Stored dataset items:
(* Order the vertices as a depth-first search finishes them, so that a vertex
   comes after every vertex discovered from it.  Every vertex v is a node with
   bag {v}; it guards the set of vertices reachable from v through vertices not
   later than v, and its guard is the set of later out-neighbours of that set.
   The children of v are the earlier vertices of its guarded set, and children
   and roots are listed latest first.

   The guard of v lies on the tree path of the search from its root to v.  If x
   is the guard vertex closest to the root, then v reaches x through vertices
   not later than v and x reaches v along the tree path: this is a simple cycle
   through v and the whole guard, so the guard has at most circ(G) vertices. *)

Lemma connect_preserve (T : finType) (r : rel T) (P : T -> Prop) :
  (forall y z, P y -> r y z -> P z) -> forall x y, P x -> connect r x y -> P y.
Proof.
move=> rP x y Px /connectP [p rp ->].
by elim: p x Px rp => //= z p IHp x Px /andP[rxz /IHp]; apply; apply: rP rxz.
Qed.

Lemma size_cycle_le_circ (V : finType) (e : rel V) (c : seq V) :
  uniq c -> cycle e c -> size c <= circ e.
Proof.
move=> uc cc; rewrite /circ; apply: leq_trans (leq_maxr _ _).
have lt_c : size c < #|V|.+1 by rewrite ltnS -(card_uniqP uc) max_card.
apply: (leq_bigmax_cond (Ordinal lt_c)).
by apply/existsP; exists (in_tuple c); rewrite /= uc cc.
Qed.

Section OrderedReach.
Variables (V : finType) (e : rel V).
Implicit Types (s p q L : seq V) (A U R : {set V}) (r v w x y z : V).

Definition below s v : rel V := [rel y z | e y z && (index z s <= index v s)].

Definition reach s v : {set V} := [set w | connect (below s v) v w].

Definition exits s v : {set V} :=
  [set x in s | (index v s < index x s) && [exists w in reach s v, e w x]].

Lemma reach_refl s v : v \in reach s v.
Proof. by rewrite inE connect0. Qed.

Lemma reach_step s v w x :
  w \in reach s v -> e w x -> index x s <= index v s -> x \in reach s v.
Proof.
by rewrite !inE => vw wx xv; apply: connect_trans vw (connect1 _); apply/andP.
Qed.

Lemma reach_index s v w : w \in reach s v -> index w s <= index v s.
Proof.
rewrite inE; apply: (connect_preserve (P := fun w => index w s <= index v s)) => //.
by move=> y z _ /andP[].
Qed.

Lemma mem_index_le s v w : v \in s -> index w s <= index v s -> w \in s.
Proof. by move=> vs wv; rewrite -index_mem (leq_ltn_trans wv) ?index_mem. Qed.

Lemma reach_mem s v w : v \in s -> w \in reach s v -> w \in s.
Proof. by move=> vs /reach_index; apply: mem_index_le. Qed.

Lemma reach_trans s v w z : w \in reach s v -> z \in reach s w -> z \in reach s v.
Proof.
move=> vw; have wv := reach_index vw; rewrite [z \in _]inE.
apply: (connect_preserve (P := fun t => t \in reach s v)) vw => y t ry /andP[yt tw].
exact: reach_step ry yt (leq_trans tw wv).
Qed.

--

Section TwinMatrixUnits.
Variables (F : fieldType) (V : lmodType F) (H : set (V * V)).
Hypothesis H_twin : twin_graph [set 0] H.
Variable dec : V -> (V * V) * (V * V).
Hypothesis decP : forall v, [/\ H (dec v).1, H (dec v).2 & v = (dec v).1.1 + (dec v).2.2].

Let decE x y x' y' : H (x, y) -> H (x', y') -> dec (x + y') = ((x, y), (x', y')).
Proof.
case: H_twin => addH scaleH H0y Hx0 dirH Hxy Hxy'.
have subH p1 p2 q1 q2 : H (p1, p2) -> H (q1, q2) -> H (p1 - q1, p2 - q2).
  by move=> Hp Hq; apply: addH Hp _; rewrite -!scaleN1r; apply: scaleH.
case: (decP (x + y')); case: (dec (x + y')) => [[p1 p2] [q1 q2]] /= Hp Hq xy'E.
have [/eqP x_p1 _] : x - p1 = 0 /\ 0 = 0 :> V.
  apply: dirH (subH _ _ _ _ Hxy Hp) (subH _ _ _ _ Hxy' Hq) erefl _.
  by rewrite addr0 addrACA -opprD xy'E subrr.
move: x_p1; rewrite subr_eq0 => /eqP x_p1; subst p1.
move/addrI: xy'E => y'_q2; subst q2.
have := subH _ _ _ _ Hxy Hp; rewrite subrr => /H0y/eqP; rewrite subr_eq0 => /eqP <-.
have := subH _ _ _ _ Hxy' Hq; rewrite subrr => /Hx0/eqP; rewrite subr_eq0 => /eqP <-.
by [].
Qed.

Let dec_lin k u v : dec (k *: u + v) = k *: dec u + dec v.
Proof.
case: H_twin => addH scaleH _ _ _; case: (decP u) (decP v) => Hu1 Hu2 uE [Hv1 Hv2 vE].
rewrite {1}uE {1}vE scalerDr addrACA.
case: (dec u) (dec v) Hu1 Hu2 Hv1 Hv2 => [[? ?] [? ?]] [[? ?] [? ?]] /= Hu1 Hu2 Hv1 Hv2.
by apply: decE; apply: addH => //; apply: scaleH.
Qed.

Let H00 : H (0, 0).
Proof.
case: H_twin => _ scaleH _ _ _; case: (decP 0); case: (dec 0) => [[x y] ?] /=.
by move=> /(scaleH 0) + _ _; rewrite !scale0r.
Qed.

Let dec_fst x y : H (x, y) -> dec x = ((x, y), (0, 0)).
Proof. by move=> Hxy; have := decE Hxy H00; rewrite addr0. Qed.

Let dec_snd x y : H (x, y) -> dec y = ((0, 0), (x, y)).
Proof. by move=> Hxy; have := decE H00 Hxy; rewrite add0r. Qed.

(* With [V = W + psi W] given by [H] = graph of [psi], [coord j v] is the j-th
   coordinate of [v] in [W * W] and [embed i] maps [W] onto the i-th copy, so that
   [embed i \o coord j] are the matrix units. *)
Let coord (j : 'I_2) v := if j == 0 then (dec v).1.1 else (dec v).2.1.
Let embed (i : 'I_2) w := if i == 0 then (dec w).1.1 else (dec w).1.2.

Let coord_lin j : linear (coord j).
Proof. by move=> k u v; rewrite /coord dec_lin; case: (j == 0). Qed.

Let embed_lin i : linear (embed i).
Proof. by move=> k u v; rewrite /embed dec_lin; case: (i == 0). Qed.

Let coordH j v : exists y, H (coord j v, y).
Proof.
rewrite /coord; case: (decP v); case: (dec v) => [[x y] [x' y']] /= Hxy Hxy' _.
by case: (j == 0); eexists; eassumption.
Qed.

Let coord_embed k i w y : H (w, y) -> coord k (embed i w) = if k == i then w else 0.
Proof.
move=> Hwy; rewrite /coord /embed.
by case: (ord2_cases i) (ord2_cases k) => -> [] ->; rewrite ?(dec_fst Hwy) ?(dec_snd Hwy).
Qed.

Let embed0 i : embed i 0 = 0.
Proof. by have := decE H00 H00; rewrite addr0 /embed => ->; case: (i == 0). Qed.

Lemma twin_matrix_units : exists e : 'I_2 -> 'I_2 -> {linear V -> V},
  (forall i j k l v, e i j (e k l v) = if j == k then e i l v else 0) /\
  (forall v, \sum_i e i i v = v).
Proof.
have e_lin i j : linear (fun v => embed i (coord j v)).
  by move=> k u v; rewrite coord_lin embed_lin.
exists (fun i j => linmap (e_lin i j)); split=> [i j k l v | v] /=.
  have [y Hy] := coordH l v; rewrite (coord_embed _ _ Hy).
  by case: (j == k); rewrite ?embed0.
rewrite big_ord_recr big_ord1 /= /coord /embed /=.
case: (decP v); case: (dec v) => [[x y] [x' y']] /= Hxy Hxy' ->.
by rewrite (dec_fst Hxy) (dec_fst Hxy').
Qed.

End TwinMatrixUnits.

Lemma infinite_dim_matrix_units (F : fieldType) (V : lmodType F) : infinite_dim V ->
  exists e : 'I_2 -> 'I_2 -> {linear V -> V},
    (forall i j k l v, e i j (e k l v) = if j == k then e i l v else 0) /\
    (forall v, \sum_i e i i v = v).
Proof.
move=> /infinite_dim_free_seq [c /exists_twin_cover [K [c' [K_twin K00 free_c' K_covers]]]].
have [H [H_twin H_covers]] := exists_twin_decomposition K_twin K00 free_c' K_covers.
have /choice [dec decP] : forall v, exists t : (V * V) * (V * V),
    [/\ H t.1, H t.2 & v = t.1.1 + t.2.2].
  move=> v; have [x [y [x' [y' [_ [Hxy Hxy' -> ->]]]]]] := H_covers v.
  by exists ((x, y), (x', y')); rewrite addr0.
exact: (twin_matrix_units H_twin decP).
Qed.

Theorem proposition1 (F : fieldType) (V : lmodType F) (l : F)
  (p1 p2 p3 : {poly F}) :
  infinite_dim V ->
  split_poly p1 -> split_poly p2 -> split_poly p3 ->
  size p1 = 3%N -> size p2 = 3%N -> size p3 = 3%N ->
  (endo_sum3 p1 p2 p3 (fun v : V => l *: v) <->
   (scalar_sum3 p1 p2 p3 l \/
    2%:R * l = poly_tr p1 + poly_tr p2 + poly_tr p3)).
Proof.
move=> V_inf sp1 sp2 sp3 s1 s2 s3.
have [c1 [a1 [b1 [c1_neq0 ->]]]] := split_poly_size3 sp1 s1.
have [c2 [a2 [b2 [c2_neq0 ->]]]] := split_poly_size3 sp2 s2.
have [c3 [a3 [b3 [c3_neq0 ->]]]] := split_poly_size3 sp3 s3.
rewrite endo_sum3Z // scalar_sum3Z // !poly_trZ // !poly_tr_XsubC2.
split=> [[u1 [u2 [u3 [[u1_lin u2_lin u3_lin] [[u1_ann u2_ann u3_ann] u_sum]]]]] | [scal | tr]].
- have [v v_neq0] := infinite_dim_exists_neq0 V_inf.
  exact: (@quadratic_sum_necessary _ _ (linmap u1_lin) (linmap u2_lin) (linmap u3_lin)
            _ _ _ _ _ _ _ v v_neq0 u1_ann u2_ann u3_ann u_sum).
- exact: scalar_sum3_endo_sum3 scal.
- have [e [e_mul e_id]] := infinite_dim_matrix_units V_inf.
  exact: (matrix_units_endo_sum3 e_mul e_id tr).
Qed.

* **Work instruction**
Could you restate word for word the lines above from the one containing "have [/eqP x_p1" through the one containing "Proof. by move=> Hxy; have := decE H00", both included, and nothing else?

* **Response box**
have [/eqP x_p1 _] : x - p1 = 0 /\ 0 = 0 :> V.
  apply: dirH (subH _ _ _ _ Hxy Hp) (subH _ _ _ _ Hxy' Hq) erefl _.
  by rewrite addr0 addrACA -opprD xy'E subrr.
move: x_p1; rewrite subr_eq0 => /eqP x_p1; subst p1.
move/addrI: xy'E => y'_q2; subst q2.
have := subH _ _ _ _ Hxy Hp; rewrite subrr => /H0y/eqP; rewrite subr_eq0 => /eqP <-.
have := subH _ _ _ _ Hxy' Hq; rewrite subrr => /Hx0/eqP; rewrite subr_eq0 => /eqP <-.
by [].
Qed.

Let dec_lin k u v : dec (k *: u + v) = k *: dec u + dec v.
Proof.
case: H_twin => addH scaleH _ _ _; case: (decP u) (decP v) => Hu1 Hu2 uE [Hv1 Hv2 vE].
rewrite {1}uE {1}vE scalerDr addrACA.
case: (dec u) (dec v) Hu1 Hu2 Hv1 Hv2 => [[? ?] [? ?]] [[? ?] [? ?]] /= Hu1 Hu2 Hv1 Hv2.
by apply: decE; apply: addH => //; apply: scaleH.
Qed.

Let H00 : H (0, 0).
Proof.
case: H_twin => _ scaleH _ _ _; case: (decP 0); case: (dec 0) => [[x y] ?] /=.
by move=> /(scaleH 0) + _ _; rewrite !scale0r.
Qed.

Let dec_fst x y : H (x, y) -> dec x = ((x, y), (0, 0)).
Proof. by move=> Hxy; have := decE Hxy H00; rewrite addr0. Qed.

Let dec_snd x y : H (x, y) -> dec y = ((0, 0), (x, y)).
Proof. by move=> Hxy; have := decE H00 Hxy; rewrite add0r. Qed.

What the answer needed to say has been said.